§ Task: One part of the entries below is wanted: the lines from the one containing "polynomial in [a]" through the one containing "have -> : 'X". Write those out exactly and nothing else.

§ Records for the exercise:
(* Let $R$ be a CSNC ring and let $S\subseteq R$ be a subset closed under addition, negation and multiplication which is itself a ring with an identity element $1_S$ (not necessarily equal to $1_R$). Then $S$ is a CSNC ring. In particular, for every $e\in\mathrm{Id}(R)$ the corner ring $eRe$ is a CSNC ring.
   Context: All rings are associative with identity. For a ring $R$, $\mathrm{Id}(R)$, $U(R)$, $\mathrm{Nil}(R)$ denote the sets of idempotents, units and nilpotent elements. An element $a\in R$ is clean if $a=e+u$ for some $e\in\mathrm{Id}(R)$, $u\in U(R)$. An element $a$ is strongly nil-clean if $a=e+q$ with $e\in \mathrm{Id}(R)$, $q\in\mathrm{Nil}(R)$ and $eq=qe$. A ring $R$ is called CSNC if every clean element of $R$ is strongly nil-clean. *)

From mathcomp Require Import all_boot all_algebra.
Set Implicit Arguments. Unset Strict Implicit. Unset Printing Implicit Defensive.
Import GRing.Theory.
Local Open Scope ring_scope.

Definition idem (R : nzRingType) (e : R) : Prop := e * e = e.
Definition nilp (R : nzRingType) (q : R) : Prop := exists n : nat, q ^+ n = 0.

Definition is_unit (R : nzRingType) (u : R) : Prop :=
  exists v : R, u * v = 1 /\ v * u = 1.

Definition clean (R : nzRingType) (a : R) : Prop :=
  exists e u : R, idem e /\ is_unit u /\ a = e + u.
Definition strongly_nil_clean (R : nzRingType) (a : R) : Prop :=
  exists e q : R, idem e /\ nilp q /\ e * q = q * e /\ a = e + q.
Definition CSNC (R : nzRingType) : Prop :=
  forall a : R, clean a -> strongly_nil_clean a.

Definition subring_with_id (R : nzRingType) (S : R -> Prop) (o : R) : Prop :=
  [/\ (forall x y, S x -> S y -> S (x + y)),
      (forall x, S x -> S (- x)),
      (forall x y, S x -> S y -> S (x * y)),
      S o &
      (forall x, S x -> o * x = x /\ x * o = x)].

Definition idem_in (R : nzRingType) (S : R -> Prop) (e : R) : Prop :=
  S e /\ e * e = e.
Definition unit_in (R : nzRingType) (S : R -> Prop) (o u : R) : Prop :=
  S u /\ exists v, S v /\ u * v = o /\ v * u = o.
Definition nilp_in (R : nzRingType) (S : R -> Prop) (q : R) : Prop :=
  S q /\ exists n : nat, q ^+ n = 0.
Definition clean_in (R : nzRingType) (S : R -> Prop) (o a : R) : Prop :=
  exists e u, idem_in S e /\ unit_in S o u /\ a = e + u.
Definition snc_in (R : nzRingType) (S : R -> Prop) (a : R) : Prop :=
  exists e q, idem_in S e /\ nilp_in S q /\ e * q = q * e /\ a = e + q.
Definition CSNC_in (R : nzRingType) (S : R -> Prop) (o : R) : Prop :=
  forall a, S a -> clean_in S o a -> snc_in S a.

Definition corner (R : nzRingType) (e : R) : R -> Prop :=
  fun x => exists y : R, x = e * y * e.

(** The key fact is that in any ring an element [a] is strongly nil-clean as
    soon as [a - a^2] is nilpotent, and the idempotent can be taken to be a
    polynomial in [a] without constant term: the Newton iteration
    [e |-> 3 e^2 - 2 e^3] started at [a] squares the defect [e - e^2] at each
    step while moving [e] only by multiples of [a - a^2].  Such an idempotent
    lies in every subring containing [a].

    Now let [a] be clean in [S], with identity [o], and put [f = 1 - o], an
    idempotent annihilating [S] on both sides.  Then [a + f] is clean in [R],
    hence strongly nil-clean, so [(a + f) - (a + f)^2] is nilpotent; but
    this element equals [a - a^2]. *)

From mathcomp Require Import all_boot all_algebra.
From mathcomp Require Import ring.

Set Implicit Arguments.
Unset Strict Implicit.
Unset Printing Implicit Defensive.
Import GRing.Theory.
Local Open Scope ring_scope.

Fixpoint newton_idem (k : nat) : {poly int} :=
  if k is k'.+1 then 3 * newton_idem k' ^+ 2 - 2 * newton_idem k' ^+ 3 else 'X.

Definition idem_defect {R : nzRingType} (x : R) := x - x ^+ 2.

Lemma idem_defect_newton_idem k :
  exists W, idem_defect (newton_idem k) = idem_defect 'X ^+ (2 ^ k) * W.
Proof.
elim: k => [|k [W IH]]; first by exists 1; rewrite expn0 expr1 mulr1.
exists (W ^+ 2 * (3 + 4 * idem_defect (newton_idem k))).
have -> : idem_defect (newton_idem k.+1) =
    idem_defect (newton_idem k) ^+ 2 * (3 + 4 * idem_defect (newton_idem k)).
  by rewrite /idem_defect /=; ring.
by rewrite {1}IH expnS mul2n -addnn exprD; ring.
Qed.

Lemma X_sub_newton_idem k : exists V, 'X - newton_idem k = idem_defect 'X * V.
Proof.
elim: k => [|k [V IH]]; first by exists 0; rewrite mulr0 subrr.
have [W defW] := idem_defect_newton_idem k.
exists (V + idem_defect 'X ^+ (2 ^ k).-1 * W * (1 - 2 * newton_idem k)).
have -> : 'X - newton_idem k.+1 = ('X - newton_idem k)
    + idem_defect (newton_idem k) * (1 - 2 * newton_idem k).
  by rewrite /idem_defect /=; ring.
rewrite IH defW -{1}(prednK (expn_gt0 2 k)) exprS; ring.
Qed.

Lemma newton_idem_Xdiv k : exists r, newton_idem k = 'X * r.
Proof.
elim: k => [|k [r IH]]; first by exists 1; rewrite mulr1.
by exists (3 * 'X * r ^+ 2 - 2 * 'X ^+ 2 * r ^+ 3); rewrite /= IH; ring.
Qed.

Lemma nilp_mul_comm (R : nzRingType) (x y : R) :
  GRing.comm x y -> nilp x -> nilp (x * y).
Proof. by move=> cxy [n xn]; exists n; rewrite exprMn_comm // xn mul0r. Qed.

Lemma strongly_nil_clean_nilp (R : nzRingType) (b : R) :
  strongly_nil_clean b -> nilp (idem_defect b).
Proof.
move=> [g [q [gg [qnil [gq ->]]]]].
have -> : idem_defect (g + q) = q * (1 - g *+ 2 - q).
  rewrite /idem_defect expr2 mulrDr !mulrDl gg gq !mulrBr mulr1 mulrnAr mulr2n.
  by rewrite !opprD !addrA [g + q]addrC addrK.
apply: nilp_mul_comm qnil.
by rewrite /GRing.comm !mulrBl !mulrBr mulr1 mul1r mulrnAr mulrnAl gq.
Qed.

Lemma rmorph_idem_defect (R R' : nzRingType) (f : {rmorphism R -> R'}) x :
  f (idem_defect x) = idem_defect (f x).
Proof. by rewrite rmorphB rmorphXn. Qed.

Section NewtonLift.

Variables (R : nzRingType) (S : R -> Prop) (a : R).
Hypothesis S_add : forall x y, S x -> S y -> S (x + y).
Hypothesis S_opp : forall x, S x -> S (- x).
Hypothesis S_mul : forall x y, S x -> S y -> S (x * y).
Hypothesis S_a : S a.

Let intr_R : {rmorphism int -> R} := intmul 1.
Let comm_a_intr : commr_rmorph intr_R a. Proof. exact: commr_int. Qed.
Local Notation ev := (horner_morph comm_a_intr).

Lemma comm_ev p q : GRing.comm (ev p) (ev q).
Proof. by rewrite /GRing.comm -!rmorphM mulrC. Qed.

Lemma S0 : S 0.
Proof. by rewrite -(subrr a); apply/S_add/S_opp. Qed.

Lemma S_mulrz x c : S x -> S (x *~ c).
Proof.
move=> Sx; have S_mulrn n : S (x *+ n).
  by elim: n => [|n IH]; [exact: S0 | rewrite mulrS; apply: S_add].
by case: c => n; rewrite ?NegzE ?mulrNz; [|apply: S_opp]; apply: S_mulrn.
Qed.

Lemma S_mul_ev p : S (a * ev p).
Proof.
elim/poly_ind: p => [|p c IH]; first by rewrite raddf0 mulr0; apply: S0.
rewrite rmorphD rmorphM /= horner_morphX horner_morphC mulrDr mulrA.
by apply: S_add; [apply: S_mul | rewrite mulrzr; apply: S_mulrz].
Qed.

Lemma snc_in_of_nilp_idem_defect : nilp (idem_defect a) -> snc_in S a.
Proof.
move=> [n defect_n].
have [W defW] := idem_defect_newton_idem n.
have [V defV] := X_sub_newton_idem n.
have [r defr] := newton_idem_Xdiv n.
have ev_defect : ev (idem_defect 'X) = idem_defect a.
  by rewrite rmorph_idem_defect /= horner_morphX.
have defect_2n : idem_defect a ^+ (2 ^ n) = 0.
  by rewrite -(subnK (ltnW (ltn_expl n (ltnSn 1)))) exprD defect_n mulr0.
pose e := ev (newton_idem n).
have S_e : S e by rewrite /e defr rmorphM /= horner_morphX; apply: S_mul_ev.
have a_sub_e : a - e = ev ('X - newton_idem n) by rewrite rmorphB /= horner_morphX.
exists e, (a - e); split; last split; last split.
- split=> //.
  apply/eqP; rewrite eq_sym -subr_eq0 -expr2 -[_ - _]/(idem_defect e).
  by rewrite -rmorph_idem_defect defW rmorphM rmorphXn /= ev_defect defect_2n mul0r.
- split; first by apply/S_add/S_opp.
  rewrite a_sub_e defV rmorphM /= ev_defect.
  by apply: nilp_mul_comm; [rewrite -ev_defect; apply: comm_ev | exists n].
- by rewrite a_sub_e; apply: comm_ev.
- by rewrite addrC subrK.
Qed.

End NewtonLift.

Section SubringWithId.

Variables (R : nzRingType) (S : R -> Prop) (o : R).
Hypothesis S_subring : subring_with_id S o.

Lemma mulr_compl_id x : S x -> x * (1 - o) = 0.
Proof.
by case: S_subring => _ _ _ _ o_id Sx; rewrite mulrBr mulr1 (proj2 (o_id x Sx)) subrr.
Qed.

Lemma mul_compl_idr x : S x -> (1 - o) * x = 0.
Proof.
by case: S_subring => _ _ _ _ o_id Sx; rewrite mulrBl mul1r (proj1 (o_id x Sx)) subrr.
Qed.

Lemma compl_id_idem : idem (1 - o).
Proof.
have [_ _ _ S_o _] := S_subring.
by rewrite /idem {1}mulrBl mul1r mulr_compl_id // subr0.
Qed.

Lemma mul_add_compl_id x y :
  S x -> S y -> (x + (1 - o)) * (y + (1 - o)) = x * y + (1 - o).
Proof.
move=> S_x S_y; rewrite mulrDl [x * _]mulrDr [(1 - o) * _]mulrDr.
by rewrite mulr_compl_id // mul_compl_idr // compl_id_idem addr0 add0r.
Qed.

Lemma idem_defect_add_compl_id a : S a -> idem_defect (a + (1 - o)) = idem_defect a.
Proof.
by move=> S_a; rewrite /idem_defect !expr2 mul_add_compl_id // opprD addrACA subrr addr0.
Qed.

Lemma clean_add_compl_id a : clean_in S o a -> clean (a + (1 - o)).
Proof.
move=> [e [u [[S_e ee] [[S_u [v [S_v [uv vu]]]] ->]]]].
exists e, (u + (1 - o)); split; first exact: ee.
split; last by rewrite -addrA.
by exists (v + (1 - o)); rewrite !mul_add_compl_id // uv vu addrC subrK.
Qed.

Lemma CSNC_in_subring_with_id : CSNC R -> CSNC_in S o.
Proof.
move=> R_CSNC a S_a a_clean; have [S_add S_opp S_mul _ _] := S_subring.
apply: snc_in_of_nilp_idem_defect => //.
rewrite -idem_defect_add_compl_id //.
exact/strongly_nil_clean_nilp/R_CSNC/clean_add_compl_id.
Qed.

End SubringWithId.

Lemma corner_subring_with_id (R : nzRingType) (e : R) :
  idem e -> subring_with_id (corner e) e.
Proof.
move=> ee; split.
- by move=> _ _ [x ->] [y ->]; exists (x + y); rewrite mulrDr mulrDl.
- by move=> _ [x ->]; exists (- x); rewrite mulrN mulNr.
- by move=> _ _ [x ->] [y ->]; exists (x * e * e * y); rewrite !mulrA.
- by exists 1; rewrite mulr1 ee.
- by move=> _ [x ->]; rewrite !mulrA ee -!mulrA ee.
Qed.

Theorem mainTheorem16 (R : nzRingType) (hR : CSNC R) :
  (forall (S : R -> Prop) (o : R), subring_with_id S o -> CSNC_in S o) /\
  (forall e : R, idem e -> CSNC_in (corner e) e).
Proof.
split=> [S o S_subring | e ee].
  exact: CSNC_in_subring_with_id S_subring hR.
exact: CSNC_in_subring_with_id (corner_subring_with_id ee) hR.
Qed.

§ Answer to the problem:
    polynomial in [a] without constant term: the Newton iteration
    [e |-> 3 e^2 - 2 e^3] started at [a] squares the defect [e - e^2] at each
    step while moving [e] only by multiples of [a - a^2].  Such an idempotent
    lies in every subring containing [a].

    Now let [a] be clean in [S], with identity [o], and put [f = 1 - o], an
    idempotent annihilating [S] on both sides.  Then [a + f] is clean in [R],
    hence strongly nil-clean, so [(a + f) - (a + f)^2] is nilpotent; but
    this element equals [a - a^2]. *)

From mathcomp Require Import all_boot all_algebra.
From mathcomp Require Import ring.

Set Implicit Arguments.
Unset Strict Implicit.
Unset Printing Implicit Defensive.
Import GRing.Theory.
Local Open Scope ring_scope.

Fixpoint newton_idem (k : nat) : {poly int} :=
  if k is k'.+1 then 3 * newton_idem k' ^+ 2 - 2 * newton_idem k' ^+ 3 else 'X.

Definition idem_defect {R : nzRingType} (x : R) := x - x ^+ 2.

Lemma idem_defect_newton_idem k :
  exists W, idem_defect (newton_idem k) = idem_defect 'X ^+ (2 ^ k) * W.
Proof.
elim: k => [|k [W IH]]; first by exists 1; rewrite expn0 expr1 mulr1.
exists (W ^+ 2 * (3 + 4 * idem_defect (newton_idem k))).
have -> : idem_defect (newton_idem k.+1) =
    idem_defect (newton_idem k) ^+ 2 * (3 + 4 * idem_defect (newton_idem k)).
  by rewrite /idem_defect /=; ring.
by rewrite {1}IH expnS mul2n -addnn exprD; ring.
Qed.

Lemma X_sub_newton_idem k : exists V, 'X - newton_idem k = idem_defect 'X * V.
Proof.
elim: k => [|k [V IH]]; first by exists 0; rewrite mulr0 subrr.
have [W defW] := idem_defect_newton_idem k.
exists (V + idem_defect 'X ^+ (2 ^ k).-1 * W * (1 - 2 * newton_idem k)).
have -> : 'X - newton_idem k.+1 = ('X - newton_idem k)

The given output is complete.